Authors: John Norman
At a sign from the first rider, a fellow in the back suddenly cried out to the sleen, “Now!”
Ellen screamed as the two gray bodies scrambled past her. There was oil from the pelt of one on her bound arm, as she twisted away. They might have trailed her, presumably from a scent lingering in her cage, from before her sale. But she had not been and, it seemed, was not now designated their reward. The rope on her neck whipped behind her, sped by a rushing rear paw.
Then the sleen were at the body, tearing and scratching through the leather, through the clothing. Ellen thought for an instant that the eyes of he whom Selius Arconious had briefly held had opened for an agonized instant, the body understanding that it was being eaten, but this was doubtless merely a consequence of its subjection to the frenzied molestation. The bullet, she was sure, had been well placed, casually, and at short range. The body was probably dead before it reached the grass, fallen before the sandals of the stunned, disbelieving Selius Arconious, he shaken from the noise and the horror, his knife held lamely in his hand.
“How will we now communicate with the beasts?” asked Mirus.
Kardok stood up, his height expanding upward, almost as though he were slowly, somehow unnaturally enlarging, to something like nine feet. He looked about. His head was enormous. The eyes were huge, rounded. His massive body was perhaps a yard in width, viewed frontally. It could not have been encircled by the arms of large man. “He was not necessary,” it said.
All regarded the beast, all in awe, save he who was the first rider, he closest to the wagon, whose weapon was still in his grasp.
A pungency of expended powder laced the air.
The sounds had now been unmistakable Gorean, cavernously, vitally, exotically, distantly, strangely formed, but Gorean. It was as though a gigantic, dark, misshapen, deformed, threatening bearlike beast, like a massive, awakening living boulder of flesh and cruelty, had spoken. The sounds, despite their frightening, astonishing nature, and their remarkable source, could be clearly understood. The sounds were quite unlike the sounds which it had earlier uttered.
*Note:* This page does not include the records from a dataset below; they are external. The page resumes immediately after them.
(* Let $X$ be a coverable vertex parameter, let $G$ be a graph, and let $v\in V(G)$. If $X(G)=X(G-v)+1$, then $\mathcal{R}^{\mathrm{TE}}_X(G-v)$ is isomorphic to a subgraph of $\mathcal{R}^{\mathrm{TE}}_X(G)$ and $\mathcal{R}^{\mathrm{TS}}_X(G-v)$ is isomorphic to a subgraph of $\mathcal{R}^{\mathrm{TS}}_X(G)$.
   Context: All graphs are finite and simple. A graph parameter $X$ is a vertex parameter defined by property $x$ if for every graph $G$, $X(G)$ equals either (for every graph) the maximum, or (for every graph) the minimum, of $|B|$ over all $B\subseteq V(G)$ having property $x$ in $G$. $X$ is coverable if for every graph $G$ and every $v\in V(G)$, whenever $B$ has property $x$ in $G-v$, the set $B\cup\{v\}$ has property $x$ in $G$. The token exchange graph $\mathcal{R}^{\mathrm{TE}}_X(G)$ has as vertices all $S\subseteq V(G)$ with $|S|=X(G)$ having property $x$ in $G$, with $S_1S_2$ an edge iff there exist $v_1\in S_1\setminus S_2$, $v_2\in S_2\setminus S_1$ with $S_1\setminus\{v_1\}=S_2\setminus\{v_2\}$; the token sliding graph $\mathcal{R}^{\mathrm{TS}}_X(G)$ has the same vertices with the additional requirement $v_1v_2\in E(G)$. *)

From mathcomp Require Import all_boot.
Set Implicit Arguments. Unset Strict Implicit. Unset Printing Implicit Defensive.

Record sgraph := SGraph {
  vert : finType;
  adj : rel vert;
  adj_sym : symmetric adj;
  adj_irr : irreflexive adj }.

Section Del.
Variables (G : sgraph) (v : vert G).
Definition del_vert : finType := {u : vert G | u != v}.
Definition del_adj : rel del_vert := fun a b => adj (val a) (val b).
Lemma del_adj_sym : symmetric del_adj.
Proof. by move=> a b; rewrite /del_adj adj_sym. Qed.
Lemma del_adj_irr : irreflexive del_adj.
Proof. by move=> a; rewrite /del_adj adj_irr. Qed.
Arguments del_vert : clear implicits.
Definition del : sgraph := SGraph del_adj_sym del_adj_irr.
End Del.
Arguments del : clear implicits.

Definition vprop := forall G : sgraph, {set vert G} -> Prop.

Definition is_max_card (x : vprop) (G : sgraph) (k : nat) : Prop :=
  (exists B, x G B /\ #|B| = k) /\ (forall B, x G B -> #|B| <= k).
Definition is_min_card (x : vprop) (G : sgraph) (k : nat) : Prop :=
  (exists B, x G B /\ #|B| = k) /\ (forall B, x G B -> k <= #|B|).

Definition vertex_param_by (x : vprop) (X : sgraph -> nat) : Prop :=
  (forall G, is_max_card x G (X G)) \/ (forall G, is_min_card x G (X G)).

Definition coverable (x : vprop) : Prop :=
  forall (G : sgraph) (v : vert G) (B : {set vert (del G v)}),
    x (del G v) B -> x G ((fun u : vert (del G v) => val u) @: B :|: [set v]).

Definition R_vert (x : vprop) (X : sgraph -> nat) (G : sgraph)
  (S : {set vert G}) : Prop := #|S| = X G /\ x G S.

Definition TE_adj (G : sgraph) (S1 S2 : {set vert G}) : Prop :=
  exists v1 v2, v1 \in S1 :\: S2 /\ v2 \in S2 :\: S1 /\ S1 :\ v1 = S2 :\ v2.

Definition TS_adj (G : sgraph) (S1 S2 : {set vert G}) : Prop :=
  exists v1 v2, v1 \in S1 :\: S2 /\ v2 \in S2 :\: S1 /\ S1 :\ v1 = S2 :\ v2
                /\ adj v1 v2.

(* The graph (V1, E1) (vertices: elements of T1 satisfying V1) is isomorphic
   to a subgraph of (V2, E2): there is an injective map on vertices sending
   edges to edges. *)
Definition embeds_in (T1 T2 : Type) (V1 : T1 -> Prop) (E1 : T1 -> T1 -> Prop)
  (V2 : T2 -> Prop) (E2 : T2 -> T2 -> Prop) : Prop :=
  exists f : T1 -> T2,
    (forall a, V1 a -> V2 (f a)) /\
    (forall a b, V1 a -> V1 b -> f a = f b -> a = b) /\
    (forall a b, V1 a -> V1 b -> E1 a b -> E2 (f a) (f b)).
Arguments R_vert : clear implicits.
Arguments TE_adj : clear implicits.
Arguments TS_adj : clear implicits.

From mathcomp Require Import all_boot.

(* The map S |-> S u {v} does the job.  It is injective, raises |S| from
   X(G - v) to X(G), and coverability keeps property x; since v lies in every
   image, the symmetric difference of S1 and S2, hence the exchanged (or slid)
   pair of tokens, is unchanged. *)

Section CoverVertex.

Variables (G : sgraph) (v : vert G).

Definition cover_vertex (S : {set vert (del G v)}) : {set vert G} :=
  val @: S :|: [set v].

Lemma mem_cover_vertex S (u : vert (del G v)) :
  (val u \in cover_vertex S) = (u \in S).
Proof.
rewrite !inE (mem_imset _ _ val_inj).
by have /negbTE -> := valP u; rewrite orbF.
Qed.

Lemma cover_vertex_v S : v \in cover_vertex S.
Proof. by rewrite !inE eqxx orbT. Qed.

Lemma card_cover_vertex S : #|cover_vertex S| = #|S| + 1.
Proof.
rewrite /cover_vertex setUC cardsU1 (card_imset _ val_inj) addnC.
case: imsetP => [[u _ vu]|//].
by have := valP u; rewrite /= -vu eqxx.
Qed.

Lemma cover_vertex_inj : injective cover_vertex.
Proof. by move=> S1 S2 eqS; apply/setP => u; rewrite -!mem_cover_vertex eqS. Qed.

Lemma cover_vertexD1 S u : cover_vertex S :\ val u = cover_vertex (S :\ u).
Proof.
apply/setP => y; have [->|yNv] := eqVneq y v.
  by rewrite in_setD1 !cover_vertex_v andbT eq_sym (valP u).
have -> : y = val (exist _ y yNv : vert (del G v)) by [].
by rewrite in_setD1 !mem_cover_vertex in_setD1 (inj_eq val_inj).
Qed.

Lemma mem_cover_vertexD S1 S2 u :
  (val u \in cover_vertex S1 :\: cover_vertex S2) = (u \in S1 :\: S2).
Proof. by rewrite !in_setD !mem_cover_vertex. Qed.

Lemma TE_adj_cover_vertex S1 S2 :
  TE_adj (del G v) S1 S2 -> TE_adj G (cover_vertex S1) (cover_vertex S2).
Proof.
move=> [v1 [v2 [v1D [v2D eqS]]]]; exists (val v1), (val v2).
by rewrite !mem_cover_vertexD !cover_vertexD1 eqS.
Qed.

Lemma TS_adj_cover_vertex S1 S2 :
  TS_adj (del G v) S1 S2 -> TS_adj G (cover_vertex S1) (cover_vertex S2).
Proof.
move=> [v1 [v2 [v1D [v2D [eqS v12]]]]]; exists (val v1), (val v2).
by rewrite !mem_cover_vertexD !cover_vertexD1 eqS.
Qed.

Lemma R_vert_cover_vertex (x : vprop) (X : sgraph -> nat) S :
  coverable x -> X G = X (del G v) + 1 ->
  R_vert x X (del G v) S -> R_vert x X G (cover_vertex S).
Proof.
move=> covx XG [cardS xS]; split; first by rewrite card_cover_vertex cardS XG.
exact: covx.
Qed.

End CoverVertex.

Theorem theorem3p6 (x : vprop) (X : sgraph -> nat)
  (hX : vertex_param_by x X) (hcov : coverable x)
  (G : sgraph) (v : vert G) (hv : X G = X (del G v) + 1) :
  embeds_in (R_vert x X (del G v)) (TE_adj (del G v))
            (R_vert x X G) (TE_adj G) /\
  embeds_in (R_vert x X (del G v)) (TS_adj (del G v))
            (R_vert x X G) (TS_adj G).
Proof.
split; exists (cover_vertex G v); split=> [S|]; try exact: R_vert_cover_vertex;
  split=> S1 S2 _ _; try exact: cover_vertex_inj.
- exact: TE_adj_cover_vertex.
- exact: TS_adj_cover_vertex.
Qed.
(* Consider the Krasovskii-regularized Lur'e system $\dot x\in F(x)$ of the context. Suppose Assumption 1 holds, that $\lim_{s\to0^+}\psi_i(s)>0$ and $\lim_{s\to0^-}\psi_i(s)<0$ for each $i$, and that $\overline\Gamma=\mathrm{diag}(\overline\gamma_1,\dots,\overline\gamma_p)$ with $\overline\gamma_i>0$ satisfies $\overline\Gamma CB+(CB)^\top\overline\Gamma>0$. Let $\nu,c>0$ be constants such that $|u|\ge c$ for all $u\in-\boldsymbol\Psi(y)$ and all $y$ with $0<|y|\le\nu$. Let $\lambda_1>0$ be the smallest eigenvalue of $\overline\Gamma CB+(CB)^\top\overline\Gamma$ and $\lambda_2:=|\overline\Gamma CA|$ (spectral norm). Define $\widetilde W(x):=W(Cx):=2\sum_{i=1}^p\overline\gamma_i\int_0^{C_ix}\psi_i(\sigma)\,d\sigma$. Then there exist $\mu\in(0,\nu]$ with $\omega:=\lambda_1\big(c-2\mu\lambda_2/\lambda_1\big)>0$, and $\alpha_4,\alpha_5\in\mathcal{K}_\infty$, such that $\alpha_4(|Cx|)\le W(Cx)\le\alpha_5(|Cx|)$ for all $x$ with $|x|\le\mu$, and $\sup\dot{\overline{\widetilde W}}_F(x)\le-c\,\omega$ for all $x$ with $|x|\le\mu$ and $Cx\neq0$ (with $\sup\emptyset=-\infty$).
   Context: System: $\dot x=Ax+Bu$, $y=Cx$, $u=-\boldsymbol\psi(y)$, $x\in\mathbb{R}^n$, $u,y\in\mathbb{R}^p$, $\boldsymbol\psi(y)=(\psi_1(y_1),\dots,\psi_p(y_p))$; $C_i$ is the $i$-th row of $C$. Piecewise continuous: finitely many discontinuities on each bounded interval, continuous between them, finite one-sided limits. Krasovskii regularization: $\boldsymbol\Psi_i(s):=\bigcap_{\delta>0}\overline{\mathrm{co}}\,\psi_i(s+\delta[-1,1])$, $\boldsymbol\Psi(y):=\boldsymbol\Psi_1(y_1)\times\dots\times\boldsymbol\Psi_p(y_p)$, $F(x):=\{Ax-Bw:w\in\boldsymbol\Psi(Cx)\}$. Assumption 1: for each $i$, $\psi_i$ is piecewise continuous and there is $\zeta_i\in(0,+\infty]$ with $\psi_i(s)(\psi_i(s)-\zeta_is)\le0$ for all $s$ (for $\zeta_i=+\infty$: $\psi_i(s)s\ge0$). The generalized gradient of $\widetilde W$ is $\partial\widetilde W(x)=\{2C^\top\overline\Gamma w:w\in\boldsymbol\Psi(Cx)\}$, and the set-valued Lie derivative is $\dot{\overline{\widetilde W}}_F(x):=\{a\in\mathbb{R}:\exists f\in F(x),\ \langle v,f\rangle=a\ \forall v\in\partial\widetilde W(x)\}$. $\mathcal{K}_\infty$: continuous strictly increasing unbounded functions $\mathbb{R}_{\ge0}\to\mathbb{R}_{\ge0}$ vanishing at $0$. *)

From HB Require Import structures.
From mathcomp Require Import all_boot all_order all_algebra.
From mathcomp Require Import all_classical all_reals all_analysis.
Set Implicit Arguments. Unset Strict Implicit. Unset Printing Implicit Defensive.
Import Order.TTheory GRing.Theory Num.Theory.
Import numFieldNormedType.Exports.
Local Open Scope classical_set_scope.
Local Open Scope ring_scope.

Section Defs.
Variable R : realType.

Definition vnorm k (v : 'cV[R]_k) : R := Num.sqrt (\sum_(i < k) v i 0 ^+ 2).

Definition vdot k (v w : 'cV[R]_k) : R := \sum_(i < k) v i 0 * w i 0.

Definition opnorm m k (M : 'M[R]_(m, k)) : R :=
  sup [set vnorm (M *m v) | v in [set v : 'cV[R]_k | vnorm v <= 1]].

Definition min_eigenvalue k (S : 'M[R]_k) : R := inf [set a : R | eigenvalue S a].

Definition posdef k (S : 'M[R]_k) : Prop :=
  forall v : 'cV[R]_k, v != 0 -> 0 < (v^T *m S *m v) 0 0.

Definition piecewise_continuous (f : R -> R) : Prop :=
  (forall a b : R, exists s : seq R,
      forall x, a <= x <= b -> x \notin s -> {for x, continuous f}) /\
  (forall x : R, (exists l : R, f t @[t --> x^'+] --> l) /\
                 (exists l : R, f t @[t --> x^'-] --> l)).

(* Assumption 1 sector condition with zeta in (0, +oo] *)
Definition sector (f : R -> R) (zeta : \bar R) : Prop :=
  match zeta with
  | EFin z => 0 < z /\ forall s, f s * (f s - z * s) <= 0
  | +oo%E => forall s, 0 <= f s * s
  | -oo%E => False
  end.

Definition conv (S : set R) : set R :=
  [set y | exists (k : nat) (w z : 'I_k -> R),
      (forall i, 0 <= w i) /\ \sum_(i < k) w i = 1 /\ (forall i, S (z i)) /\
      y = \sum_(i < k) w i * z i].

Definition Kras (f : R -> R) (s : R) : set R :=
  \bigcap_(d in [set d : R | 0 < d])
     closure (conv [set f t | t in [set t : R | s - d <= t <= s + d]]).

Definition KrasVec p (psi : 'I_p -> R -> R) (y : 'cV[R]_p) : set 'cV[R]_p :=
  [set w | forall i, Kras (psi i) (y i 0) (w i 0)].

Definition Fmap n p (A : 'M[R]_n) (B : 'M[R]_(n, p)) (C : 'M[R]_(p, n))
  (psi : 'I_p -> R -> R) (x : 'cV[R]_n) : set 'cV[R]_n :=
  [set A *m x - B *m w | w in KrasVec psi (C *m x)].

Definition oint (f : R -> R) (a : R) : R :=
  if 0 <= a then Rintegral (@lebesgue_measure R) `[0, a] f
  else - Rintegral (@lebesgue_measure R) `[a, 0] f.

Definition Wfun p (gam : 'I_p -> R) (psi : 'I_p -> R -> R) (y : 'cV[R]_p) : R :=
  2 * \sum_(i < p) gam i * oint (psi i) (y i 0).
“It can speak!” said one of Portus’s men.
“So, too, can you,” said Kardok. “Should I find that strange?”
The sleen continued to feed.
“We do not teach our humans to speak,” it said.
“Call away your beast,” said Portus, half sick.
The first rider smiled.
“Who is first amongst you?” demanded Portus Canio.
“I am,” said Kardok.
“You have two crossbows,” said the assailant, the first rider. “There are five of us, and we can kill from a distance. We do not surrender our weapons.”
“Nor we ours,” said Portus Canio. “Some of us can reach you, surely, for we are nine, and you are now but five.”
“I think, then, we have a truce,” said the first rider. “We shall now, peacefully, take our leave.”
“Do not move,” said Portus Canio.
“They will move away, and then slay you with impunity, Masters!” cried Ellen.
“Be silent, slave,” snarled Selius Arconious.
“That is obviously their plan,” said Portus Canio.
The first rider tensed. The hands of the other riders moved closer to their weapons.
“There are five of us,” said the first rider, “and two sleen.”
“On whom would you be able to set them, and how?” inquired Portus Canio. “Too, I do not think I would care, personally, to interrupt a sleen in its feeding.”
“Actually,” said the first rider, “there are ten of us.”
“The beasts are not armed,” said Portus Canio.
“So, five,” shrugged the first rider.
“Why are the beasts not armed?” asked Portus Canio.
Something seemed to move behind the eyes of the first rider. It was brief, and subtle, scarcely tangible, rather like a movement in the air, hardly noticed. “I do not know,” he said. “But they are formidable, I assure you.”
“So then there are ten of you, and only nine of us,” said Portus Canio.
“It seems so,” granted the rider.
“How many are you prepared to lose?” asked Portus Canio.
“I would prefer to lose none,” he said.
“Then discard your weapons,” said Portus Canio.
“It seems our kaissa has come to a locked position,” said the rider.
“There are no locked positions here,” said Portus Canio. “This is not kaissa.” His hand was tensed on the hilt of his blade.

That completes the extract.